What you should do:
When you reach the line containing "(* Let $X$ be" in the records below, start copying exactly, and stop once you have copied the line containing "disjoint, no empty".

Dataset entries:
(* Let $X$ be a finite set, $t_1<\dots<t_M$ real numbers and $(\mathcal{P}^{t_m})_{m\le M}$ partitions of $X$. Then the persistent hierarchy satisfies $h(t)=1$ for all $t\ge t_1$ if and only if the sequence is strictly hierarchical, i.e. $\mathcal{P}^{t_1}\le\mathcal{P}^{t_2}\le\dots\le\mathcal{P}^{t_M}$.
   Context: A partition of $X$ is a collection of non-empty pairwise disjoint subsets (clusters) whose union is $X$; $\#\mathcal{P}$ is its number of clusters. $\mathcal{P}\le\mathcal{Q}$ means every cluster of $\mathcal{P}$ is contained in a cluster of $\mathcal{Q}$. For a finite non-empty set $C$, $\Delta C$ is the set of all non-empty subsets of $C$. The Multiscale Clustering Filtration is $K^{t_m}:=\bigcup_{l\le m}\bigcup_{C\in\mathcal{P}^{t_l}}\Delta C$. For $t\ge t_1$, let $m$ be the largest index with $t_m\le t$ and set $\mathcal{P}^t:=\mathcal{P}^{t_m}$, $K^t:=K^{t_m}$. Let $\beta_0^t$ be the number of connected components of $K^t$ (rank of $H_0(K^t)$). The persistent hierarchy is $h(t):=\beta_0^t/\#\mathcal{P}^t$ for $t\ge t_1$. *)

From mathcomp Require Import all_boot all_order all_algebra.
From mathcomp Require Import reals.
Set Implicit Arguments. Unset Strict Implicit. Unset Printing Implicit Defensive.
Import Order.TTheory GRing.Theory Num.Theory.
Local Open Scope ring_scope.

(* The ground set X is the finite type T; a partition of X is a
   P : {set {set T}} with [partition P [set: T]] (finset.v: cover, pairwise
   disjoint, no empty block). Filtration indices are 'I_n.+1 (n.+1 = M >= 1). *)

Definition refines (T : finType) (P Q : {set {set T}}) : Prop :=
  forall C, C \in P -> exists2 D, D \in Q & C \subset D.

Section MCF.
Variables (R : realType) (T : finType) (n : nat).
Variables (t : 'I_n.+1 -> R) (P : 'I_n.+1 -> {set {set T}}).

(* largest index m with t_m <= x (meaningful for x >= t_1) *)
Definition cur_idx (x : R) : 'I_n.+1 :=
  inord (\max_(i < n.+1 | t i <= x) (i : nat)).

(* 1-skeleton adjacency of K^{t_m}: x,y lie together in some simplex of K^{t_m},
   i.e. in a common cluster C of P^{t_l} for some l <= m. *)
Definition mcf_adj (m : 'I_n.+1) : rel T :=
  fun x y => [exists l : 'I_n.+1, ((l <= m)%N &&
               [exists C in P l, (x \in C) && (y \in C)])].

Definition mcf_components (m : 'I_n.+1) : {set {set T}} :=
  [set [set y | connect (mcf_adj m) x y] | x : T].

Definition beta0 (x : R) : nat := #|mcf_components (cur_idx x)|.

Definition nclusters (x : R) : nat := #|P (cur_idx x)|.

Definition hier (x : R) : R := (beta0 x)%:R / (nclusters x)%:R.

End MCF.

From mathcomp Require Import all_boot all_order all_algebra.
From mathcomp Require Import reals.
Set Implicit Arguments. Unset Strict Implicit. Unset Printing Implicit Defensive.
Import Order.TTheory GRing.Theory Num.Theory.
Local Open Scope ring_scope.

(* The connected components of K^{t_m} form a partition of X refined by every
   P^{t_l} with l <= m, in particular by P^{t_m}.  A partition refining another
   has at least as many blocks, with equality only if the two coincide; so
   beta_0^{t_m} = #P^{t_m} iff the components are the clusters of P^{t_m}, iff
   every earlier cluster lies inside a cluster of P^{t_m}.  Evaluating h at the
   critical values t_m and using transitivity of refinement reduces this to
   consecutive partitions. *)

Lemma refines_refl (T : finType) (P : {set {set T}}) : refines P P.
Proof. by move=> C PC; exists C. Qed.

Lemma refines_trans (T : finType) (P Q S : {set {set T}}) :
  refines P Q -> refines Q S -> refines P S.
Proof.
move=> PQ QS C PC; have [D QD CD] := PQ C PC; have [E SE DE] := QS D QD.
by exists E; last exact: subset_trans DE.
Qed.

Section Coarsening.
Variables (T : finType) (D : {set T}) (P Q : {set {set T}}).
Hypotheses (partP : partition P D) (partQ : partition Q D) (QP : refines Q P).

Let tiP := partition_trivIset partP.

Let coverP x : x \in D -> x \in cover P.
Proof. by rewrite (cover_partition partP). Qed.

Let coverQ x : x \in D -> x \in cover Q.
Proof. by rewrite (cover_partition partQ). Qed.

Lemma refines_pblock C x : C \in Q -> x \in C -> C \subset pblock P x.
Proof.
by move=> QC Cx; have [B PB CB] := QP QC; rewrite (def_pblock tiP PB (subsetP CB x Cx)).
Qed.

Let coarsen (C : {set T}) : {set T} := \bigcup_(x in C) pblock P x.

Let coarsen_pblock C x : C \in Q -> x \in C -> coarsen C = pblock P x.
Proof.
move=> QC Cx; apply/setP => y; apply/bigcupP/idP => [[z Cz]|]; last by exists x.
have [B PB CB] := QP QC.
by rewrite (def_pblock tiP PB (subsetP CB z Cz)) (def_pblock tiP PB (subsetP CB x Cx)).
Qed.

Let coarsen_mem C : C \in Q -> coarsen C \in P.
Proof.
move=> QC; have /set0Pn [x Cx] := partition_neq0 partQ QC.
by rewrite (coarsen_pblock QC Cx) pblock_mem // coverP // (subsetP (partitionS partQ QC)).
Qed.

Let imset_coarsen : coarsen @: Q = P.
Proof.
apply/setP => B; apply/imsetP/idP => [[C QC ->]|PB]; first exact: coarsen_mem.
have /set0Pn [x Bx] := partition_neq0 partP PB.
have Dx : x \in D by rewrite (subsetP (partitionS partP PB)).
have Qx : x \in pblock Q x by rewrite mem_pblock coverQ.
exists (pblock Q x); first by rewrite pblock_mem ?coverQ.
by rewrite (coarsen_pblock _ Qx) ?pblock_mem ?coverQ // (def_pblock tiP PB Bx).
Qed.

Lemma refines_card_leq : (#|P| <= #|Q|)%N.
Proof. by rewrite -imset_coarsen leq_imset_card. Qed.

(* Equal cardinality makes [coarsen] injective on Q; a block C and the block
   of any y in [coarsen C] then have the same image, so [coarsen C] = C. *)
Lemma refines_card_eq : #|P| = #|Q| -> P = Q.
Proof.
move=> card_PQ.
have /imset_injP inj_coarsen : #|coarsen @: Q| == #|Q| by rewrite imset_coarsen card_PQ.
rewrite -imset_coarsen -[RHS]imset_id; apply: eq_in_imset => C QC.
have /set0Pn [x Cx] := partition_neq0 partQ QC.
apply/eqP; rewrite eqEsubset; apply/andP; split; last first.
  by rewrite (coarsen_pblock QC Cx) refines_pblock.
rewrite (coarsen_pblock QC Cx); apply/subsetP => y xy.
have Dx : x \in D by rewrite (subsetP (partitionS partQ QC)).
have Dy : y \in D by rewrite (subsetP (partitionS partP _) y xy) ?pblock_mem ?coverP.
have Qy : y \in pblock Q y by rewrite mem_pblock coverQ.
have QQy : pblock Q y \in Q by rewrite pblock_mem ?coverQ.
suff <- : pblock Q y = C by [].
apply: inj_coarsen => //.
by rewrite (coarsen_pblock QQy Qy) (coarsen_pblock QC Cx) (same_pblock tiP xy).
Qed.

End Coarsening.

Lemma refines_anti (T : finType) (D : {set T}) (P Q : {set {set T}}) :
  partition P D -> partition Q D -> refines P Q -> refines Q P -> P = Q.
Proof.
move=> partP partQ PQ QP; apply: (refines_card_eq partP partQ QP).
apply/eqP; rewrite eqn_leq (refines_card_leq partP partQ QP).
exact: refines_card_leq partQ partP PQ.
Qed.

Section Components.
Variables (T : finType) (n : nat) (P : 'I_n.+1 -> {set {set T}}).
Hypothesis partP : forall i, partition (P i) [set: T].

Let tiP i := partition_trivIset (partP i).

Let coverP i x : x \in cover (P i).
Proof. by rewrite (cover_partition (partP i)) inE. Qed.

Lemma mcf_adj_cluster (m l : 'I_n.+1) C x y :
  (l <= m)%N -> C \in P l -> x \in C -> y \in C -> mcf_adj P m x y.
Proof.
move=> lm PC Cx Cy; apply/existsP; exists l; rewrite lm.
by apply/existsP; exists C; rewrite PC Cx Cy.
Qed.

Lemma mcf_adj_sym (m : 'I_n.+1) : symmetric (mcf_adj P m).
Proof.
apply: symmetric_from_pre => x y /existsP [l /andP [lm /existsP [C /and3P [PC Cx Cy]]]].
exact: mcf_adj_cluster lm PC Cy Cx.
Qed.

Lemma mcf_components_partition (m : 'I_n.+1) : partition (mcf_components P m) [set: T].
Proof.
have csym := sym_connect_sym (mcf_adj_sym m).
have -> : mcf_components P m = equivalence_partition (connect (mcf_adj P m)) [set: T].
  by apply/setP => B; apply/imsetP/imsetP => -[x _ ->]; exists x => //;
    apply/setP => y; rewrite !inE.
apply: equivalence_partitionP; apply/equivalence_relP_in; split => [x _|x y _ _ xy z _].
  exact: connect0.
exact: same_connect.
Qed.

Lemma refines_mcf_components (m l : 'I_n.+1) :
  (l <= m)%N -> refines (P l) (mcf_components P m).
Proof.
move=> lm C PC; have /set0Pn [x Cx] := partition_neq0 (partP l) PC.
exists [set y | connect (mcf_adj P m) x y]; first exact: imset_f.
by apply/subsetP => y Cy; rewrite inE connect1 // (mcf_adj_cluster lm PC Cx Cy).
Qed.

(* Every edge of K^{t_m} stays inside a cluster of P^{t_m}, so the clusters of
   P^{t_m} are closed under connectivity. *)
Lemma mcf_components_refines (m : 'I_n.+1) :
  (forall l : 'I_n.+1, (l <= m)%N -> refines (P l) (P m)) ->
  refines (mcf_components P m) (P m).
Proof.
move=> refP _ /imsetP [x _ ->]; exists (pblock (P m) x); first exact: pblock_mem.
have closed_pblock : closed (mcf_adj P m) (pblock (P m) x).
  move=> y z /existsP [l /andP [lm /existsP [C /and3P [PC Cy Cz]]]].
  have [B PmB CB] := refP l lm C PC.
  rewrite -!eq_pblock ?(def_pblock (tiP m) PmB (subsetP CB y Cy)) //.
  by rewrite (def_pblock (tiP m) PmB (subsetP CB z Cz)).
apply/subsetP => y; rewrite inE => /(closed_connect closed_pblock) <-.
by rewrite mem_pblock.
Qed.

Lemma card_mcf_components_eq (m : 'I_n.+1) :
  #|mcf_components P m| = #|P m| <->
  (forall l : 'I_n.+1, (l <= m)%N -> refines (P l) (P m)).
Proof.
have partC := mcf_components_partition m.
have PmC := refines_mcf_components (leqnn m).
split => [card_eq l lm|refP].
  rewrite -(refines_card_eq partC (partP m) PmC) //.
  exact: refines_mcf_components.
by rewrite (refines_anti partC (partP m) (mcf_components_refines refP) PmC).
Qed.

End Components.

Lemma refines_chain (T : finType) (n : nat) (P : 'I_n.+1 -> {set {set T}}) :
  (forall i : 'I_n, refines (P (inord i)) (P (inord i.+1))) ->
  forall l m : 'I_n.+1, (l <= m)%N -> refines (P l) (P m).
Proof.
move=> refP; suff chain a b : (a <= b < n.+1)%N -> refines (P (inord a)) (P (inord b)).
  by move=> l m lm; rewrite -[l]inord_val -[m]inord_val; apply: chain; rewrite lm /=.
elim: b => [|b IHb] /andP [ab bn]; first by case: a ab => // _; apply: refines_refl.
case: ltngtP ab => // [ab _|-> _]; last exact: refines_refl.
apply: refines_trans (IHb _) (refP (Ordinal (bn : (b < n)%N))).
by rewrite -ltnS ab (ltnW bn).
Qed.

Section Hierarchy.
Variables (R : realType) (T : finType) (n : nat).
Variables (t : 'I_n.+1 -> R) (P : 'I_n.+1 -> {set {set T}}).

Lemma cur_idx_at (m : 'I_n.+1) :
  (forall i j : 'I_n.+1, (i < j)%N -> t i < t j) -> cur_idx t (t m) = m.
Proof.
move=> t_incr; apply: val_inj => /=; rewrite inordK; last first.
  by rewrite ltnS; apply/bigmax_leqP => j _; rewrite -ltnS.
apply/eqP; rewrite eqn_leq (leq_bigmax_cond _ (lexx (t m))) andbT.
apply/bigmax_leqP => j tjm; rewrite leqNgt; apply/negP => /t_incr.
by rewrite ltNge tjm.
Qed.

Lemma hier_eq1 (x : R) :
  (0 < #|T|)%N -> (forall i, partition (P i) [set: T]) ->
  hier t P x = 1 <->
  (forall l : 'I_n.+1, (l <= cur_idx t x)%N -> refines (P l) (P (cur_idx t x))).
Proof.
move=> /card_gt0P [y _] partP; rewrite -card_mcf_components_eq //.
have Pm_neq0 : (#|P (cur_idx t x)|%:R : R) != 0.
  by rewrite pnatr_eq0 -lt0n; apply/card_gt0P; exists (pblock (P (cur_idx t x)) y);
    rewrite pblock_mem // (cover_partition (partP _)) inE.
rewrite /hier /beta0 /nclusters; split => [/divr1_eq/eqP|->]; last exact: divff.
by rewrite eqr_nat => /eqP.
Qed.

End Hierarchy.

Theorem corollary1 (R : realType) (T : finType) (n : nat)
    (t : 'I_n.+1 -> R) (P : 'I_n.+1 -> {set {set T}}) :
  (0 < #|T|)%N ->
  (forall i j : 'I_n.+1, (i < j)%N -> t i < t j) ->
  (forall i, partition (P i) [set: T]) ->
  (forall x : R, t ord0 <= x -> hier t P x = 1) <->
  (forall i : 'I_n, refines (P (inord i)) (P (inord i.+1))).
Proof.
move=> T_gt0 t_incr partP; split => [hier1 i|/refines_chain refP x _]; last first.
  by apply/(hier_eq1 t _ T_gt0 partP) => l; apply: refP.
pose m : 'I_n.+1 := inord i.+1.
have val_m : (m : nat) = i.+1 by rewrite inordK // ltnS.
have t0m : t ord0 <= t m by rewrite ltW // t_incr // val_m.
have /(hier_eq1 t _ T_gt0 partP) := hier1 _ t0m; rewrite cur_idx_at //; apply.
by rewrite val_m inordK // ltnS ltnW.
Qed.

...

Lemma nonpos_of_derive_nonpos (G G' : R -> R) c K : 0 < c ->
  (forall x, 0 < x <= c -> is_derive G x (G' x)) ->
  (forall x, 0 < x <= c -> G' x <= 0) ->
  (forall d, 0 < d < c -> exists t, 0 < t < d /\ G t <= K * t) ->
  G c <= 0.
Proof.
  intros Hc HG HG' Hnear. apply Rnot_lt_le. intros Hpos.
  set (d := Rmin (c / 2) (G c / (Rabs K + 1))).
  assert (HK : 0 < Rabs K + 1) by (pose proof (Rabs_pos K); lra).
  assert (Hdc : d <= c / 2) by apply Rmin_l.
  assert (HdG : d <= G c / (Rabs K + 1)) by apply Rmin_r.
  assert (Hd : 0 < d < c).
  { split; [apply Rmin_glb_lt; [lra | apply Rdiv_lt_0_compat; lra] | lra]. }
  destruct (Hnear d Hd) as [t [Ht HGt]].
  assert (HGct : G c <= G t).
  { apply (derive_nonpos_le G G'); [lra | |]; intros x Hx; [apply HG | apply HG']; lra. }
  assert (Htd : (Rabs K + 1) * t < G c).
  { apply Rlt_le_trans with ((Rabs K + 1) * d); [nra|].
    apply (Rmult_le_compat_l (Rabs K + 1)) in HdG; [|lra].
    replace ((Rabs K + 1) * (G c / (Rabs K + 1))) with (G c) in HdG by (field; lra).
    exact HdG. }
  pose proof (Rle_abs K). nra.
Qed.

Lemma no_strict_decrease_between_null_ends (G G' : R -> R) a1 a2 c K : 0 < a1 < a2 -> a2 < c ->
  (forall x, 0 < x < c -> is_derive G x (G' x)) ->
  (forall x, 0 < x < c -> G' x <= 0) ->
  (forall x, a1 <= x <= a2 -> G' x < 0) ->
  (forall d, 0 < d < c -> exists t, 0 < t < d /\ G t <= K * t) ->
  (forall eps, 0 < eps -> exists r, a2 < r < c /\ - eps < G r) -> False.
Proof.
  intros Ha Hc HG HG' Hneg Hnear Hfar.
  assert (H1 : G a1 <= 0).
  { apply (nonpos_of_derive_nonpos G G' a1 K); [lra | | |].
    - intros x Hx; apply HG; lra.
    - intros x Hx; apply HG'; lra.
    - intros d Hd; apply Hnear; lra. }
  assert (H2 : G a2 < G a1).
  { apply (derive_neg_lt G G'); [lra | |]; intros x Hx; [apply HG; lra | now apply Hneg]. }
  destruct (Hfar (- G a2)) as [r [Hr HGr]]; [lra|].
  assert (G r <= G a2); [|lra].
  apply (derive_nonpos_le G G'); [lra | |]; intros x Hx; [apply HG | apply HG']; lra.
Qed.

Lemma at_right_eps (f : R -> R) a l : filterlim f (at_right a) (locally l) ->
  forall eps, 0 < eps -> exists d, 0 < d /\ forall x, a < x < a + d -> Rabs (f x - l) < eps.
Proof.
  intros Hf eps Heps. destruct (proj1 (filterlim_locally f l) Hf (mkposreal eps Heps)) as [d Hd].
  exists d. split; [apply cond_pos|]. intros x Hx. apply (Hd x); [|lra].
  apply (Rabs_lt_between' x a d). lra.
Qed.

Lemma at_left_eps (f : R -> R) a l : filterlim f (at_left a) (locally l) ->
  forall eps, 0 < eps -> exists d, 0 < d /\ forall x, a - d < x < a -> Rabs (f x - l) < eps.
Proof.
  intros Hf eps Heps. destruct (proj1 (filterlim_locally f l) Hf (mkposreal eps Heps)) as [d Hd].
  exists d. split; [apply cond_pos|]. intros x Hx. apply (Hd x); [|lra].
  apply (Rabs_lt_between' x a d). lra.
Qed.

Result for this task:
(* Let $X$ be a finite set, $t_1<\dots<t_M$ real numbers and $(\mathcal{P}^{t_m})_{m\le M}$ partitions of $X$. Then the persistent hierarchy satisfies $h(t)=1$ for all $t\ge t_1$ if and only if the sequence is strictly hierarchical, i.e. $\mathcal{P}^{t_1}\le\mathcal{P}^{t_2}\le\dots\le\mathcal{P}^{t_M}$.
   Context: A partition of $X$ is a collection of non-empty pairwise disjoint subsets (clusters) whose union is $X$; $\#\mathcal{P}$ is its number of clusters. $\mathcal{P}\le\mathcal{Q}$ means every cluster of $\mathcal{P}$ is contained in a cluster of $\mathcal{Q}$. For a finite non-empty set $C$, $\Delta C$ is the set of all non-empty subsets of $C$. The Multiscale Clustering Filtration is $K^{t_m}:=\bigcup_{l\le m}\bigcup_{C\in\mathcal{P}^{t_l}}\Delta C$. For $t\ge t_1$, let $m$ be the largest index with $t_m\le t$ and set $\mathcal{P}^t:=\mathcal{P}^{t_m}$, $K^t:=K^{t_m}$. Let $\beta_0^t$ be the number of connected components of $K^t$ (rank of $H_0(K^t)$). The persistent hierarchy is $h(t):=\beta_0^t/\#\mathcal{P}^t$ for $t\ge t_1$. *)

From mathcomp Require Import all_boot all_order all_algebra.
From mathcomp Require Import reals.
Set Implicit Arguments. Unset Strict Implicit. Unset Printing Implicit Defensive.
Import Order.TTheory GRing.Theory Num.Theory.
Local Open Scope ring_scope.

(* The ground set X is the finite type T; a partition of X is a
   P : {set {set T}} with [partition P [set: T]] (finset.v: cover, pairwise
   disjoint, no empty block). Filtration indices are 'I_n.+1 (n.+1 = M >= 1). *)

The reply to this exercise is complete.